# Anyone try this recipe?



## oregonfisher (Jun 26, 2017)

Been looking for a good old fashioned jerky recipe for a while now. Just wondering if I should alter this recipe because i'll be using a smoker instead of a dehydrator.      https://www.jerkyholic.com/original-jerky/

Thanks in advance.


----------



## noboundaries (Jun 26, 2017)

It is so interesting that you posted that recipe.  I looked at it just a couple weeks ago while looking for new ideas.

I haven't used that recipe, but if you do, eliminate the liquid smoke.  Since you are using a smoker to make jerky, the liquid smoke would be too much.  I use my smoker to make jerky.  I don't pat my meat dry before I stick it in the smoker.  The meat picks up more smoke IMO when left wet. 

You could easily substitute Kosher salt for pickling salt.  Pickling salt is just salt, no additives or iodine, and extremely fine grains so it dissolves better in the liquid.  Kosher salt dissolves nicely too and works well for jerky.  That's what I use when I add more salt than just the cure #1.

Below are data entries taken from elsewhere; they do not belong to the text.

(* Let $n$ be a power of two and let $\mathcal{C}'$ be as in the context (for any fixed $s_0,s_1,s_2$). Then there exists a code $\mathcal{C}\subseteq\mathcal{C}'$ with $|\mathcal{C}|\ge |\mathcal{C}'|/m^{10}$ such that for any $x,x'\in\mathcal{C}$, either $H_x=H_{x'}$ or $|H_x\triangle H_{x'}|\ge 10$.
   Context: Logarithms are base $2$. Set $\Delta=50+1000\log n$ and $m=1000\Delta^2$. For $x\in\{0,1\}^n$ ending in $0011$, the marker segmentation is $x=z^x_1\|\cdots\|z^x_{\ell_x}$ where each $z^x_j$ ends with $0011$ and contains exactly one occurrence of $0011$. Let $h:\{0,1\}^{\le 3\Delta}\to\{0,\dots,m-1\}$ be a fixed function such that $h(z)\ne h(z')$ whenever $z'\ne z$ is obtained from $z$ by at most two adjacent transpositions, at most two substitutions, or at most one deletion and one insertion. Define $f(x)=\sum_{j=1}^{\ell_x} j(|z^x_j|\cdot m+h(z^x_j)) \bmod (10n\Delta m+1)$, $g_1(x)=\ell_x \bmod 5$, $g_2(x)=\sum_{i=1}^n\overline{x}_i \bmod 3$ with $\overline{x}_i=\sum_{j\le i}x_j \bmod 2$, and $\mathcal{C}'=\{x\in\{0,1\}^n:(x_{n-3},\dots,x_n)=(0,0,1,1), f(x)=s_0, g_1(x)=s_1, g_2(x)=s_2, |z^x_j|\le\Delta\ \forall j\}$. The hash multiset is $H_x=\{\{h(z^x_1),\dots,h(z^x_{\ell_x})\}\}$, and for multisets $|S\triangle T|=\sum_v|\mathrm{mult}_S(v)-\mathrm{mult}_T(v)|$. *)

From mathcomp Require Import all_boot.
Set Implicit Arguments. Unset Strict Implicit. Unset Printing Implicit Defensive.

Definition marker : seq bool := [:: false; false; true; true].

Definition ends_marker (c : seq bool) : bool :=
  (3 < size c) && (drop (size c - 4) c == marker).

(* Marker segmentation: cut right after each occurrence of 0011
   (0011 cannot overlap itself, so this is the unique segmentation into
   pieces ending with 0011 and containing exactly one occurrence of it,
   whenever x ends with 0011). *)
Fixpoint seg_aux (cur s : seq bool) : seq (seq bool) :=
  match s with
  | [::] => if cur is [::] then [::] else [:: cur]
  | b :: s' => let c := rcons cur b in
               if ends_marker c then c :: seg_aux [::] s' else seg_aux c s'
  end.

Definition segs (x : seq bool) : seq (seq bool) := seg_aux [::] x.

(* log base 2 of n (exact when n is a power of two). *)
Definition Delta (n : nat) : nat := 50 + 1000 * trunc_log 2 n.
Definition mm (n : nat) : nat := 1000 * (Delta n) ^ 2.

Definition adj_transp (z z' : seq bool) : Prop :=
  exists a b c d, z = a ++ [:: b; c] ++ d /\ z' = a ++ [:: c; b] ++ d.
Definition subst1 (z z' : seq bool) : Prop :=
  exists a b b' d, z = a ++ b :: d /\ z' = a ++ b' :: d.
Definition del1 (z z' : seq bool) : Prop :=
  exists a b d, z = a ++ b :: d /\ z' = a ++ d.
Definition ins1 (z z' : seq bool) : Prop := del1 z' z.

Definition le2 (R : seq bool -> seq bool -> Prop) (z z' : seq bool) : Prop :=
  z' = z \/ R z z' \/ exists y, R z y /\ R y z'.

Definition del_ins (z z' : seq bool) : Prop :=
  exists y, (y = z \/ del1 z y) /\ (z' = y \/ ins1 y z').

Definition close_edit (z z' : seq bool) : Prop :=
  le2 adj_transp z z' \/ le2 subst1 z z' \/ del_ins z z'.

Definition good_hash (n : nat) (h : seq bool -> nat) : Prop :=
  (forall z, size z <= 3 * Delta n -> h z < mm n) /\
  (forall z z', size z <= 3 * Delta n -> size z' <= 3 * Delta n ->
     z' <> z -> close_edit z z' -> h z <> h z').

Definition f_val (n : nat) (h : seq bool -> nat) (x : seq bool) : nat :=
  (\sum_(j < size (segs x))
     j.+1 * (size (nth [::] (segs x) j) * mm n + h (nth [::] (segs x) j)))
  %% (10 * n * Delta n * mm n + 1).

Definition g1 (x : seq bool) : nat := size (segs x) %% 5.

Definition g2 (x : seq bool) : nat :=
  (\sum_(i < size x) ((\sum_(j < i.+1) nth false x j) %% 2)) %% 3.

Definition Cprime (n : nat) (h : seq bool -> nat) (s0 s1 s2 : nat)
  : {set n.-tuple bool} :=
  [set x : n.-tuple bool |
     [&& drop (n - 4) x == marker, 3 < n,
         f_val n h x == s0, g1 x == s1, g2 x == s2 &
         all (fun z => size z <= Delta n) (segs x)]].

(* hash multiset H_x, represented as a sequence up to permutation *)
Definition Hms (h : seq bool -> nat) (x : seq bool) : seq nat := map h (segs x).

(* |S triangle T| = sum_v |mult_S v - mult_T v| *)
Definition msdist (s t : seq nat) : nat :=
  \sum_(v <- undup (s ++ t)) ((count_mem v s - count_mem v t) + (count_mem v t - count_mem v s)).

From mathcomp Require Import all_boot all_algebra all_field zify.
Set Implicit Arguments. Unset Strict Implicit. Unset Printing Implicit Defensive.
Import GRing.Theory.

(** Send the hash values injectively into a finite field [F] of characteristic
    11 with [m < #|F| <= 11 m], and attach to each [x] the syndrome made of the
    power sums [sum_j phi(h(z_j))^i], [i < 9], of [H_x]. There are
    [#|F|^9 <= m^10] syndromes, so some syndrome class [C] has
    [|C| >= |C'| / m^10]. If two multisets have the same syndrome but
    [|H_x triangle H_x'| <= 9], their difference is a signed measure on at most
    nine points with nine vanishing moments; integrating the polynomial that
    vanishes at all but one of these points isolates the weight of that point,
    a multiplicity difference of absolute value at most 9, hence nonzero
    mod 11. About [n] only [3 < n], forced by membership in [C'], is used. *)

Local Open Scope ring_scope.

Lemma sum_seq_count (V : nmodType) (I : eqType) (g : I -> V) (A U : seq I) :
  uniq U -> {subset A <= U} ->
  \sum_(a <- A) g a = \sum_(v <- U) g v *+ count_mem v A.
Proof.
move=> uU; elim: A => [|a A IH] AU.
  by rewrite big_nil big1.
have aU : a \in U by apply: AU; rewrite mem_head.
rewrite big_cons IH => [|x xA]; last by apply: AU; rewrite inE xA orbT.
under [RHS]eq_bigr do rewrite /= mulrnDr.
rewrite big_split /=; congr (_ + _).
rewrite (bigD1_seq a) //= eqxx big1 ?addr0 // => v /negbTE.
by rewrite eq_sym => ->.
Qed.

Lemma sparse_moments_eq0 (R : idomainType) (I : eqType) (phi D : I -> R)
    (U : seq I) (d : nat) :
  uniq U -> {in U &, injective phi} ->
  (count (fun v => D v != 0%R) U <= d)%N ->
  (forall i, (i < d)%N -> \sum_(v <- U) D v * phi v ^+ i = 0) ->
  {in U, forall v, D v = 0}.
Proof.
move=> uU phiI sparse moments v0 v0U; apply/eqP/negPn/negP => Dv0.
set S := [seq v <- U | D v != 0].
have uS : uniq S by apply: filter_uniq.
have v0S : v0 \in S by rewrite mem_filter Dv0.
set r := \prod_(a <- [seq phi w | w <- rem v0 S]) ('X - a%:P).
have size_r : (size r <= d)%N.
  have S_gt0 : (0 < size S)%N by case: (S) v0S.
  by rewrite size_prod_XsubC size_map size_rem // prednK // size_filter.
have root_r v : v \in U -> v != v0 -> D v * r.[phi v] = 0.
  move=> vU vv0; have [-> | Dv] := eqVneq (D v) 0; first by rewrite mul0r.
  have /rootP -> : root r (phi v).
    by rewrite root_prod_XsubC map_f // mem_rem_uniq // inE vv0 mem_filter Dv.
  by rewrite mulr0.
have r_v0 : r.[phi v0] != 0.
  rewrite -rootE root_prod_XsubC; apply/mapP => -[w].
  rewrite mem_rem_uniq // inE mem_filter => /and3P[wv0 _ wU] /phiI E.
  by rewrite E ?eqxx in wv0.
have : \sum_(v <- U) D v * r.[phi v] = 0.
  under eq_bigr do rewrite (horner_coef_wide _ size_r) mulr_sumr.
  rewrite exchange_big big1 //= => i _.
  by under eq_bigr do rewrite mulrCA; rewrite -mulr_sumr moments ?mulr0.
rewrite (bigD1_seq v0) //= big1_seq => [|v /andP[vv0 vU]]; last exact: root_r.
by rewrite addr0 => /eqP; rewrite mulf_eq0 (negbTE Dv0) (negbTE r_v0).
Qed.

Lemma pchar_natr_inj (R : nzRingType) (p m n : nat) :
  p \in [pchar R] -> (m - n + (n - m) < p)%N -> m%:R = n%:R :> R -> m = n.
Proof.
move=> charRp; wlog le_mn : m n / (m <= n)%N => [wlog_mn|].
  case/orP: (leq_total m n) => /wlog_mn // le_nm lt_p /esym E.
  by apply/esym/le_nm; rewrite // addnC.
move=> lt_p /eqP; rewrite eq_sym -subr_eq0 -natrB // -(dvdn_pcharf charRp).
by move/dvdn_leq; lia.
Qed.

Lemma perm_eq_of_power_sums (F : fieldType) (p : nat) (phi : nat -> F)
    (d : nat) (A B : seq nat) :
  p \in [pchar F] -> (d < p)%N -> {in A ++ B &, injective phi} ->
  (forall i, (i < d)%N -> \sum_(a <- A) phi a ^+ i = \sum_(b <- B) phi b ^+ i) ->
  perm_eq A B \/ (d < msdist A B)%N.
Proof.
move=> charFp lt_dp phiI sums.
have [|le_d] := ltnP d (msdist A B); [by right | left].
set U := undup (A ++ B).
have [uU AU BU] : [/\ uniq U, {subset A <= U} & {subset B <= U}].
  by split=> [|v vA|v vB]; rewrite ?undup_uniq // mem_undup mem_cat ?vA ?vB ?orbT.
pose cA v := count_mem v A; pose cB v := count_mem v B.
pose D v : F := (cA v)%:R - (cB v)%:R.
have dist_le v : v \in U -> (cA v - cB v + (cB v - cA v) <= msdist A B)%N.
  by move=> vU; rewrite /msdist (bigD1_seq v) //= leq_addr.
have D0 : {in U, forall v, D v = 0}.
  apply: (sparse_moments_eq0 (phi := phi) (d := d)) => // [u v uAB vAB||i lt_id].
  - by apply: phiI; rewrite -mem_undup.
  - apply: leq_trans le_d; rewrite -sum1_count big_mkcond /=.
    apply: leq_sum => v _; have [Dv|] := boolP (D v != 0); last by [].
    have : cA v != cB v by apply: contra Dv => /eqP E; rewrite /D E subrr.
    by rewrite /cA /cB; lia.
  - under eq_bigr do rewrite mulrBl !mulr_natl.
    by rewrite sumrB -!sum_seq_count ?sums ?subrr.
apply/allP => v vAB; have vU : v \in U by rewrite mem_undup.
apply/eqP/(pchar_natr_inj charFp); last exact/subr0_eq/D0.
by have := dist_le v vU; rewrite /cA /cB; lia.
Qed.

Local Close Scope ring_scope.

Lemma exists_large_fiber (T K : finType) (f : T -> K) (A : {set T}) (k0 : K) :
  exists k, #|A| <= #|[set x in A | f x == k]| * #|K|.
Proof.
pose fiber k := [set x in A | f x == k].
have [k _ kmax] := @arg_maxnP _ k0 predT (fun k => #|fiber k|) isT.
exists k; have -> : #|A| = \sum_k' #|fiber k'|.
  rewrite -sum1_card (partition_big f predT) //=; apply: eq_bigr => k' _.
  by rewrite -sum1_card; apply: eq_bigl => x; rewrite inE.
by rewrite mulnC -sum_nat_const; apply: leq_sum => k' _; apply: kmax.
Qed.

Lemma pchar_field_above (p d M : nat) : prime p -> p ^ d <= M ->
  exists2 F : finFieldType, p \in [pchar F]%R & M < #|F| /\ #|F| ^ d <= M ^ d.+1.
Proof.
move=> pr_p pd_le_M; have lt1p := prime_gt1 pr_p.
have M_gt0 : 0 < M by apply: leq_trans pd_le_M; rewrite expn_gt0 ltnW.
have [F charF cardF] := pPrimePowerField pr_p (ltn0Sn (trunc_log p M)).
exists F => //; rewrite cardF; split; first exact: trunc_log_ltn.
have le_F_pM : p ^ (trunc_log p M).+1 <= p * M.
  by rewrite expnS leq_mul2l trunc_logP ?orbT.
have [->|d_gt0] := posnP d; first by rewrite expn1.
apply: leq_trans (_ : (p * M) ^ d <= _); first by rewrite leq_exp2r.
by rewrite expnMn expnSr mulnC leq_mul2l pd_le_M orbT.
Qed.

Lemma nth_enum_inj (T : finType) (x0 : T) :
  {in [pred i | i < #|T|] &, injective (nth x0 (enum T))}.
Proof.
move=> i j i_lt j_lt /eqP; rewrite nth_uniq ?enum_uniq -?cardE //.
exact: eqP.
Qed.

Lemma Cprime_gt3 n h s0 s1 s2 x : x \in Cprime n h s0 s1 s2 -> 3 < n.
Proof. by rewrite inE => /and3P[]. Qed.

Lemma Hms_lt_mm n h s0 s1 s2 x :
  good_hash n h -> x \in Cprime n h s0 s1 s2 -> all (fun a => a < mm n) (Hms h x).
Proof.
move=> [h_lt _]; rewrite inE => /and5P[_ _ _ _ /andP[_ /allP small]].
rewrite all_map; apply/allP => z /small le_z /=; apply: h_lt.
by apply: leq_trans le_z _; rewrite leq_pmull.
Qed.

Lemma expn11_9_le_mm n : 3 < n -> 11 ^ 9 <= mm n.
Proof.
move=> n_gt3; have lg : 2 <= trunc_log 2 n by apply: trunc_log_max.
apply: leq_trans (_ : 1000 * 2050 ^ 2 <= _); first by rewrite !expnS expn0; lia.
by rewrite /mm leq_mul2l leq_exp2r //= /Delta; lia.
Qed.

Theorem lemma8 (n k : nat) (hn : n = 2 ^ k) (h : seq bool -> nat)
  (hh : good_hash n h) (s0 s1 s2 : nat) :
  exists C : {set n.-tuple bool},
    C \subset Cprime n h s0 s1 s2 /\
    #|Cprime n h s0 s1 s2| <= #|C| * mm n ^ 10 /\
    (forall x x' : n.-tuple bool, x \in C -> x' \in C ->
       perm_eq (Hms h x) (Hms h x') \/ 10 <= msdist (Hms h x) (Hms h x')).
Proof.
set C' := Cprime n h s0 s1 s2.
have [/eqP C'0 | /set0Pn [x0 x0C']] := boolP (C' == set0).
  by exists set0; rewrite C'0 sub0set cards0; split=> //; split=> // x; rewrite inE.
have [F charF [mm_lt_F F_le_mm]] :=
  pchar_field_above (isT : prime 11) (expn11_9_le_mm (Cprime_gt3 x0C')).
pose phi := nth 0%R (enum F).
pose syndrome (x : n.-tuple bool) : {ffun 'I_9 -> F} :=
  [ffun i : 'I_9 => (\sum_(a <- Hms h x) phi a ^+ i)%R].
have [s large] := exists_large_fiber syndrome C' [ffun=> 0%R].
exists [set x in C' | syndrome x == s]; split.
  by apply/subsetP => x /setIdP[].
split.
  apply: leq_trans large _.
  by rewrite card_ffun card_ord leq_mul2l F_le_mm orbT.
move=> x x' /setIdP[xC' /eqP sx] /setIdP[x'C' /eqP sx'].
have small : all (fun a => a < #|F|) (Hms h x ++ Hms h x').
  have lt_F a : a < mm n -> a < #|F| by move/ltn_trans; apply.
  by rewrite all_cat (sub_all lt_F (Hms_lt_mm hh xC'))
             (sub_all lt_F (Hms_lt_mm hh x'C')).
apply: (perm_eq_of_power_sums (F := F) (p := 11) (phi := phi) (d := 9)) => //.
  by move=> a b /(allP small) a_lt /(allP small) b_lt; apply: nth_enum_inj.
move=> i lt_i9; have /ffunP/(_ (Ordinal lt_i9)) := etrans sx (esym sx').
by rewrite !ffunE.
Qed.
(* Let $b(z)=\prod_{j=1}^nb_{\alpha_j}(z)$ be a finite Blaschke product, $b_{\alpha_j}(z)=\frac{z-\alpha_j}{1-\bar\alpha_jz}$, $\alpha_j\in\mathbb{D}$, and let $\epsilon(b)=\min\{1-|\alpha_j|:1\le j\le n\}$. Then for $1\le\mathfrak p<2$ there is a constant $C$ depending only on $\mathfrak p$ and $n$ such that $\|b\|^2_{D_{\mathfrak p}}\le C\,\epsilon(b)^{1-\mathfrak p}$.
   Context: For $\alpha\in\mathbb{R}$, the one-variable Dirichlet-type space $D_\alpha$ consists of holomorphic $f(z)=\sum_{k\ge0}a_kz^k$ on $\mathbb{D}$ with $\|f\|^2_{D_\alpha}=\sum_{k\ge0}(k+1)^\alpha|a_k|^2<\infty$. *)

From Stdlib Require Import Reals Lra.
Open Scope R_scope.

Definition Cx : Type := (R * R)%type.
Definition Cre (z : Cx) : R := fst z.
Definition Cim (z : Cx) : R := snd z.
Definition C0x : Cx := (0, 0).
Definition C1x : Cx := (1, 0).
Definition Caddx (z w : Cx) : Cx := (fst z + fst w, snd z + snd w).
Definition Coppx (z : Cx) : Cx := (- fst z, - snd z).
Definition Cmulx (z w : Cx) : Cx :=
  (fst z * fst w - snd z * snd w, fst z * snd w + snd z * fst w).
Definition Cconjx (z : Cx) : Cx := (fst z, - snd z).
Definition Cscalex (r : R) (z : Cx) : Cx := (r * fst z, r * snd z).
Fixpoint Cpowx (z : Cx) (k : nat) : Cx :=
  match k with O => C1x | S j => Cmulx z (Cpowx z j) end.
Definition Cnorm2 (z : Cx) : R := fst z * fst z + snd z * snd z.
Definition Cabsx (z : Cx) : R := sqrt (Cnorm2 z).

(* sum_{i=0}^{k} f i *)
Fixpoint Csumx (f : nat -> Cx) (k : nat) : Cx :=
  match k with O => f O | S j => Caddx (Csumx f j) (f (S k - 1)%nat) end.

Definition Cconv (f g : nat -> Cx) (k : nat) : Cx :=
  Csumx (fun i => Cmulx (f i) (g (k - i)%nat)) k.

(* Taylor coefficients at 0 of b_a(z) = (z - a)/(1 - conj(a) z), |a| < 1:
   coefficient 0 is -a, coefficient j+1 is (1-|a|^2) conj(a)^j. *)
Definition blaschke_coef (a : Cx) (k : nat) : Cx :=
  match k with
  | O => Coppx a
  | S j => Cscalex (1 - Cnorm2 a) (Cpowx (Cconjx a) j)
  end.

(* Taylor coefficients of b = prod_{j<n} b_{alpha j} *)
Fixpoint bcoef (alpha : nat -> Cx) (n : nat) : nat -> Cx :=
  match n with
  | O => fun k => match k with O => C1x | _ => C0x end
  | S m => Cconv (bcoef alpha m) (blaschke_coef (alpha m))
  end.

Fixpoint epsb (alpha : nat -> Cx) (n : nat) : R :=
  match n with
  | O => 1
  | S O => 1 - Cabsx (alpha O)
  | S m => Rmin (epsb alpha m) (1 - Cabsx (alpha m))
  end.

(* ||f||^2_{D_p} summand for coefficient sequence a *)
Definition Dterm (p : R) (a : nat -> Cx) (k : nat) : R :=
  Rpower (INR (k + 1)) p * Cnorm2 (a k).

From Stdlib Require Import Reals Lra Lia.
Open Scope R_scope.

(* Along the product we follow two norms of
   the moduli of the coefficients: the l^1 norm, multiplied by at most 3 by each factor, and
   the l^2 norm with weight w_k = (k+1)^(p/2), whose square is the D_p norm.  As p/2 <= 1,
   the weight is subadditive, w_k <= w_i + w_(k-i), so by Young's inequality l^2 * l^1 -> l^2
   the weighted norm of a product is controlled by the l^1 and weighted norms of the factors.
   For one factor, with u = 1 - |a|, the bound (k+1)^p <= (k+1) u^(1-p) + (k+1)^2 u^(2-p)
   interpolates between its D_1 norm, which is O(1), and its D_2 norm, which is O(1/u): its
   D_p norm is O(u^(1-p)), and u^(1-p) <= eps(b)^(1-p). *)

Lemma Cnorm2_ge0 z : 0 <= Cnorm2 z.
Proof. unfold Cnorm2; nra. Qed.

Lemma Cabsx_ge0 z : 0 <= Cabsx z.
Proof. apply sqrt_pos. Qed.

Lemma Cnorm2_Cabsx z : Cnorm2 z = Cabsx z ^ 2.
Proof. unfold Cabsx; rewrite <- Rsqr_pow2, Rsqr_sqrt; auto using Cnorm2_ge0. Qed.

Lemma Cabsx_mul z w : Cabsx (Cmulx z w) = Cabsx z * Cabsx w.
Proof.
  unfold Cabsx; rewrite <- sqrt_mult by apply Cnorm2_ge0.
  f_equal; unfold Cnorm2, Cmulx; simpl; ring.
Qed.

Lemma Cabsx_add z w : Cabsx (Caddx z w) <= Cabsx z + Cabsx w.
Proof.
  assert (Hcs : fst z * fst w + snd z * snd w <= Cabsx z * Cabsx w).
  { unfold Cabsx, Cnorm2; rewrite <- !Rsqr_def; apply sqrt_cauchy. }
  apply Rsqr_incr_0_var.
  - rewrite !Rsqr_pow2, <- Cnorm2_Cabsx.
    replace (Cnorm2 (Caddx z w))
      with (Cnorm2 z + Cnorm2 w + 2 * (fst z * fst w + snd z * snd w))
      by (unfold Cnorm2, Caddx; simpl; ring).
    rewrite !Cnorm2_Cabsx; nra.
  - pose proof (Cabsx_ge0 z); pose proof (Cabsx_ge0 w); lra.
Qed.

Lemma Cabsx_opp z : Cabsx (Coppx z) = Cabsx z.
Proof. unfold Cabsx, Cnorm2, Coppx; simpl; f_equal; ring. Qed.

Lemma Cabsx_conj z : Cabsx (Cconjx z) = Cabsx z.
Proof. unfold Cabsx, Cnorm2, Cconjx; simpl; f_equal; ring. Qed.

Lemma Cabsx_scale s z : Cabsx (Cscalex s z) = Rabs s * Cabsx z.
Proof.
  unfold Cabsx, Cnorm2, Cscalex; simpl.
  rewrite <- sqrt_Rsqr_abs, <- sqrt_mult by (unfold Rsqr; nra).
  f_equal; unfold Rsqr; ring.
Qed.

Lemma Cabsx_C0 : Cabsx C0x = 0.
Proof. unfold Cabsx, Cnorm2, C0x; simpl; rewrite Rmult_0_l, Rplus_0_r; apply sqrt_0. Qed.

Lemma Cabsx_C1 : Cabsx C1x = 1.
Proof. unfold Cabsx, Cnorm2, C1x; simpl; rewrite Rmult_0_l, Rplus_0_r, Rmult_1_l; apply sqrt_1. Qed.

Lemma Cabsx_pow z j : Cabsx (Cpowx z j) = Cabsx z ^ j.
Proof. induction j; simpl; [apply Cabsx_C1 | rewrite Cabsx_mul, IHj; ring]. Qed.

Lemma Cabsx_Csumx h k : Cabsx (Csumx h k) <= sum_f_R0 (fun i => Cabsx (h i)) k.
Proof.
  induction k as [|k IH]; simpl; [lra|].
  replace (S (S k) - 1)%nat with (S k) by lia.
  pose proof (Cabsx_add (Csumx h k) (h (S k))); simpl in IH; lra.
Qed.

Definition sums_le (f : nat -> R) (B : R) : Prop := forall N, sum_f_R0 f N <= B.

Lemma sums_le_le f g B : (forall k, f k <= g k) -> sums_le g B -> sums_le f B.
Proof. intros Hfg Hg N; apply Rle_trans with (sum_f_R0 g N); auto using sum_Rle. Qed.

Lemma sums_le_weaken f B B' : B <= B' -> sums_le f B -> sums_le f B'.
Proof. intros HB Hf N; specialize (Hf N); lra. Qed.

Lemma sums_le_plus f g A B :
  sums_le f A -> sums_le g B -> sums_le (fun k => f k + g k) (A + B).
Proof. intros Hf Hg N; rewrite sum_plus; specialize (Hf N); specialize (Hg N); lra. Qed.

Lemma sum_f_R0_mult_l c f N : sum_f_R0 (fun k => c * f k) N = c * sum_f_R0 f N.
Proof. rewrite scal_sum; apply sum_eq; intros; ring. Qed.

Lemma sums_le_scal c f B : 0 <= c -> sums_le f B -> sums_le (fun k => c * f k) (c * B).
Proof. intros Hc Hf N; rewrite sum_f_R0_mult_l; apply Rmult_le_compat_l; auto. Qed.

Lemma sums_le_ge0 f B : (forall k, 0 <= f k) -> sums_le f B -> 0 <= B.
Proof. intros Hf HB; apply Rle_trans with (sum_f_R0 f 0); auto using cond_pos_sum. Qed.

Lemma sums_le_head f : (forall k, f (S k) = 0) -> sums_le f (f 0%nat).
Proof. intros Hf N; induction N as [|N IH]; simpl; [lra | rewrite Hf; lra]. Qed.

Lemma sums_le_shift f B :
  0 <= B -> sums_le (fun j => f (S j)) B -> sums_le f (f 0%nat + B).
Proof.
  intros HB Hf [|N]; [simpl; lra|].
  rewrite decomp_sum by lia; specialize (Hf N); simpl; lra.
Qed.

Lemma infinite_sum_sums_le f B :
  (forall k, 0 <= f k) -> sums_le f B -> exists S, infinite_sum f S /\ S <= B.
Proof.
  intros Hf HB.
  assert (Hgrow : Un_growing (sum_f_R0 f))
    by (intros N; simpl; specialize (Hf (S N)); lra).
  destruct (growing_cv _ Hgrow) as [S HS]; [exists B; intros x [N ->]; apply HB|].
  exists S; split; [exact HS|].
  apply (@Rle_cv_lim (sum_f_R0 f) (fun _ => B) S B HB HS).
  intros eps Heps; exists 0%nat; intros; unfold Rdist; rewrite Rminus_diag, Rabs_R0; lra.
Qed.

My daughter tasted my BBQ jerky recipe for the first time this weekend.  After a string of OMGs she said "this is the best jerky I've ever tasted."  I never get tired of hearing that.


----------



## oregonfisher (Jul 2, 2017)

Tried it today with some Top Round with about 30 mins of Cherry smoke, pretty disappointed in the flavor.


----------



## noboundaries (Jul 2, 2017)

Oregonfisher said:


> Tried it today with some Top Round with about 30 mins of Cherry smoke, pretty disappointed in the flavor.


Too salty?  Not enough spice?  Just plain bland?  What was the issue?


----------



## smokescience (Jul 11, 2017)

Noboundaries said:


> ....My daughter tasted my BBQ jerky recipe for the first time this weekend.  After a string of OMGs she said "this is the best jerky I've ever tasted."  I never get tired of hearing that.


I love hearing that from people that try the food I make! Yeah you never do get tired of that...


----------



## daveomak (Jul 11, 2017)

Oregonfisher said:


> Tried it today with some Top Round with about 30 mins of Cherry smoke, pretty disappointed in the flavor.


  I tried cherry smoke once....  hated it...   Try pitmasters choice pellets...  alder....  maple....  oak...  apple.... peach....


----------



## GaryHibbert (Jul 11, 2017)

Its hickory smoke for me when it comes to jerky.

Gary


----------



## zerowin (Jul 12, 2017)

I tried this recipe as well, with an eye round roast, and smoked with B&B hickory pellets in the pellet grill and Louisiana Grill whiskey pellets in the tube at 160 for about 4 hours till it was completely dried and the smoke flavor was great.  Thanks for posting that site by the way, I like the looks of several other recipes there, and will definitely be experimenting.


----------